Merrill v. Burbank

The opinion of the Court was drawn up by

Whitman C. J.

The deed, under which the plaintiff claims title to the locus in quo, was made to him by one Chase, who was, at the time, seized in fee, and had a perfect right to make the conveyance. Other persons can have no right to question its efficacy, unless it be upon the ground, that they are creditors of, or bona fide purchasers for a valuable consideration from Chase; or the holders under such creditors or bona fide purchasers. The defendants are not in either of these predicaments. They claim to have entered, and to have done the acts complained of, “ as and for the executors of the last will of Isaac Moore, who had deceased.” It does not appear that the executors of Moore had any authority by his will to enter upon the real estate of which he may have died seized ; and of course could not have imparted any such authority to any one else, unless duly licensed, as by law provided, to make sale thereof; and no such license appears in this case.

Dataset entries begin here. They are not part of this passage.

Lemma cf_q_mul_Rabs_Lam_lt_1 n : (1 <= n)%nat -> INR (q n) * Rabs (Lam n) < 1.
Proof.
  intros Hn. destruct n as [|m]; [lia|].
  pose proof (cf_q_Rabs_Lam_cross m). pose proof (le_INR _ _ (cf_q_S_le m)).
  pose proof (lt_0_INR _ (cf_q_S_pos m)).
  assert (0 < Rabs (Lam (S (S m)))).
  { apply Rabs_pos_lt. destruct (cf_det_sign (S m)) as [[_ HL] | [_ HL]]; lra. }
  pose proof (Rabs_pos (Lam (S m))). nra.
Qed.

End ContinuedFraction.

Theorem lemma3p1 (alpha : R) (h0 : 0 < alpha) (h1 : alpha < 1)
  (hirr : irrational alpha) (n : nat) (hn : (1 <= n)%nat) :
  Psin (cf_q alpha n) alpha = A_n alpha n * B_n alpha n * C_n alpha n.
Proof.
  destruct n as [|m]; [lia|].
  unfold A_n, B_n, C_n, s_nt. rewrite Nat.sub_succ, Nat.sub_0_r.
  apply (Psin_factorisation alpha _ _ (cf_q alpha m) (cf_p alpha (S m)) (cf_p alpha m)).
  - reflexivity.
  - apply cf_q_S_pos; assumption.
  - apply cf_q_mul_Rabs_Lam_lt_1; assumption.
  - apply cf_det_sign; assumption.
Qed.
(* ---- a run of the ascending-price procedure ----
   fin t : the active price at which item t is finished.
   y p   : the allocation when the active price is p. *)

Definition run_dom (ps fin : S -> R) (p : R) :=
  (exists t, ps t <= p) /\ (exists t, p <= fin t).

Definition item_active (ps fin : S -> R) (p : R) (t : S) := ps t <= p <= fin t.

Definition buyer_finished (fin : S -> R) (y : R -> S -> B -> R) (p : R) (i : B) :=
  exists t, fin t < p /\ 0 < y (fin t) t i.

Definition buyer_active (ys : S -> B -> R) (ps fin : S -> R)
    (y : R -> S -> B -> R) (p : R) (i : B) :=
  ~ buyer_finished fin y p i /\ exists t, 0 < ys t i /\ ps t <= p.

Definition fin_cond (lmax k : R) (ct : R -> R) (p yt : R) :=
  (lmax - ct yt) / k <= p - ct yt.

Definition ascending_run adj (T : B -> R) (lam : B -> R -> R) (lmax : R)
    (C c : S -> R -> R) (k : R) (ys : S -> B -> R) (fin : S -> R)
    (y : R -> S -> B -> R) : Prop :=
  let ps := start_price c ys in
  let dom := run_dom ps fin in
  let actS := item_active ps fin in
  let actB := buyer_active ys ps fin y in
  (forall t, ps t <= fin t) /\
  (forall t, fin_cond lmax k (c t) (fin t) (load (y (fin t)) t)) /\
  (forall t q, ps t <= q -> q < fin t -> ~ fin_cond lmax k (c t) q (load (y q) t)) /\
  (forall p, dom p -> feasible adj T (y p)) /\
  (forall p i, dom p -> actB p i -> lam i (demand (y p) i) = p) /\
  (* min-cost flow within the active subinstance *)
  (forall p, dom p -> forall z, feasible adj T z ->
     (forall t i, ~ (actS p t /\ actB p i) -> z t i = y p t i) ->
     (forall i, actB p i -> demand z i = demand (y p) i) ->
     \sum_t C t (load (y p) t) <= \sum_t C t (load z t)) /\
  (forall p t i, dom p -> p < ps t -> y p t i = ys t i) /\
  (forall p t i, dom p -> ~ actB p i -> ~ buyer_finished fin y p i ->
     y p t i = ys t i) /\
  (forall p q t i, dom p -> dom q -> p <= q ->
     (forall r, p < r <= q -> ~ actS r t) -> y q t i = y p t i) /\
  (forall p q t i, dom p -> dom q -> p <= q ->
     (forall r, p < r <= q -> ~ actB r i) -> y q t i = y p t i).

End Model.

There are other serious difficulties to be overcome by the defendants, before they can hope to succeed in their defence. The levy set up was of an undivided portion of a certain parcel of real estate ; and it does not appear, that the debtor was not sole seized of the whole; nor is there any reason assigned, by the officer making the levy, for not setting it off by metes and bounds. The certificate of the appraisers affords clear indications, that the debtor was sole seized of the whole of the parcel, and the return of the officer does the same. Such a levy cannot be upheld. But a still graver objection, as it appears to me, exists to the ground of defence. The levy was made by virtue of an execution in favor of “ Hardy Merrill as he is treasurer of the town of Parsons-*543field.” The fee in the premises must have vested, if at all, in trust for the inhabitants of that town ; whereupon they, by virtue of the statute of Henry the 8th, for transferring uses into possession, would have become seized thereof, so that Merrill as treasurer, or otherwise, could not have transferred it without special authority from the cestuis que use for the purpose ; and surely a subsequent treasurer, as is attempted to be set up in this case, without any such special authority, could not have conveyed the same.

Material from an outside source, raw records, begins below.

(* Let $D\ge 1$, let $n_1,\dots,n_D$ and $l_1,\dots,l_D$ be positive integers with $n_d\ge l_d$ for all $d$, and let $\mathcal{M}\subseteq\mathbb{R}^{l_1\times\dots\times l_D}$ be a Tucker core structure. Then the set $$\mathcal{M}^{n_1,\dots,n_D}:=\{(U_1,\dots,U_D)\cdot\mathcal{C}\;:\;\mathcal{C}\in\mathcal{M},\ U_d\in\mathbb{R}^{n_d\times l_d}_\star\ (d=1,\dots,D)\}$$ of all tensors admitting an $\mathcal{M}$-structured Tucker decomposition is a smooth embedded submanifold of $\mathbb{R}^{n_1\times\dots\times n_D}$.
   Context: $\mathbb{R}^{n\times l}_\star$ ($n\ge l$) denotes the manifold of real $n\times l$ matrices of rank $l$. For matrices $U_d\in\mathbb{R}^{n_d\times l_d}$ and $\mathcal{C}=(c_{i_1\dots i_D})\in\mathbb{R}^{l_1\times\dots\times l_D}$, the multilinear multiplication is $(U_1,\dots,U_D)\cdot\mathcal{C}=(U_1\otimes\dots\otimes U_D)\mathcal{C}:=\sum_{i_1,\dots,i_D}c_{i_1\dots i_D}\,(U_1e_{i_1})\otimes\dots\otimes(U_De_{i_D})$. A Tucker core structure is a smooth submanifold $\mathcal{M}\subseteq\mathbb{R}^{l_1\times\dots\times l_D}$ such that (1) every $\mathcal{C}\in\mathcal{M}$ has multilinear rank $(l_1,\dots,l_D)$ (i.e. the $d$-th unfolding of $\mathcal{C}$ has rank $l_d$ for every $d$), and (2) $(A_1,\dots,A_D)\cdot\mathcal{C}\in\mathcal{M}$ for all $\mathcal{C}\in\mathcal{M}$ and all $A_d\in\mathrm{GL}(l_d)$. *)

From mathcomp Require Import all_boot all_algebra.
From mathcomp Require Import all_classical all_reals all_analysis.
Import numFieldNormedType.Exports.
Set Implicit Arguments. Unset Strict Implicit. Unset Printing Implicit Defensive.
Local Open Scope ring_scope.
Local Open Scope classical_set_scope.

Section Defs.
Variable R : realType.

Definition pdiff (N m : nat) (s : seq 'I_N) (f : 'rV[R]_N -> 'rV[R]_m)
  : 'rV[R]_N -> 'rV[R]_m :=
  foldr (fun i g => fun x => 'D_('e_i) g x) f s.

Definition smooth_on (N m : nat) (U : set 'rV[R]_N)
  (f : 'rV[R]_N -> 'rV[R]_m) : Prop :=
  forall (s : seq 'I_N) (x : 'rV[R]_N), U x ->
    {for x, continuous (pdiff s f)} /\
    (forall i : 'I_N, derivable (pdiff s f) x 'e_i).

(* Jacobian (transposed convention: row i = partial derivative along e_i) *)
Definition jacobian (N m : nat) (f : 'rV[R]_N -> 'rV[R]_m) (x : 'rV[R]_N)
  : 'M[R]_(N, m) :=
  \matrix_(i < N, j < m) ('D_('e_i) f x) ord0 j.

(* S is a smooth embedded submanifold of R^N: locally around each of its
   points it is the zero set of a smooth submersion (local defining
   function). The (co)dimension c may depend on the point. *)
Definition is_submanifold (N : nat) (S : set 'rV[R]_N) : Prop :=
  forall p, S p ->
    exists (c : nat) (U : set 'rV[R]_N) (F : 'rV[R]_N -> 'rV[R]_c),
      [/\ open U, U p, smooth_on U F,
          (forall x, U x -> \rank (jacobian F x) = c) &
          (forall x, U x -> (S x <-> F x = 0))].

Definition idx (D : nat) (l : 'I_D -> nat) : finType :=
  {dffun forall d : 'I_D, 'I_(l d)}.

Definition tensor (D : nat) (l : 'I_D -> nat) := idx l -> R.

(* identification of R^{l_1 x ... x l_D} with R^N, N = #|idx l| *)
Definition is_submanifold_t (D : nat) (l : 'I_D -> nat)
  (S : set (tensor l)) : Prop :=
  is_submanifold [set v : 'rV[R]_#|idx l| |
                   S (fun k : idx l => v ord0 (enum_rank k))].

Definition upd (D : nat) (l : 'I_D -> nat) (k : idx l) (d : 'I_D)
  (i : 'I_(l d)) : idx l :=
  [ffun e => @dfwith _ (fun e => 'I_(l e)) (fun e => k e) d i e].

(* d-th unfolding: columns are all the mode-d fibers of C (each fiber
   repeated l_d times, which does not change the rank) *)
Definition unfolding (D : nat) (l : 'I_D -> nat) (C : tensor l) (d : 'I_D)
  : 'M[R]_(l d, #|idx l|) :=
  \matrix_(i < l d, j < #|idx l|) C (upd (enum_val j) i).

Definition has_mlrank (D : nat) (l : 'I_D -> nat) (C : tensor l) : Prop :=
  forall d : 'I_D, \rank (unfolding C d) = l d.

Definition mlmul (D : nat) (n l : 'I_D -> nat)
  (U : forall d : 'I_D, 'M[R]_(n d, l d)) (C : tensor l) : tensor n :=
  fun j : idx n => \sum_(i : idx l) C i * \prod_(d < D) U d (j d) (i d).

Definition tucker_core_structure (D : nat) (l : 'I_D -> nat)
  (M : set (tensor l)) : Prop :=
  [/\ is_submanifold_t M,
      (forall C, M C -> has_mlrank C) &
      (forall (A : forall d : 'I_D, 'M[R]_(l d)) C,
          (forall d, A d \in unitmx) -> M C -> M (mlmul A C))].

Definition tucker_set (D : nat) (n l : 'I_D -> nat) (M : set (tensor l))
  : set (tensor n) :=
  [set T | exists (C : tensor l) (U : forall d : 'I_D, 'M[R]_(n d, l d)),
             [/\ M C, (forall d, \rank (U d) = l d) & T = mlmul U C]].

End Defs.

From Pilot Require Import Defs.
From mathcomp Require Import all_boot all_algebra.
From mathcomp Require Import all_classical all_reals all_analysis.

If it could be urged, that the inhabitants of Parsonsfield were seized by virtue of the levy, still the defendants could not set up title in them, and claim to have entered by their command ; for it would be necessary to show the command as well as the title. Chambers v. Donaldson & al. 11 East, 65. And it could not be shown that they had any such authority to enter.

The. nonsuit, therefore, must be taken off; and, in pursuance of the agreement of the parties, a default must bo entered.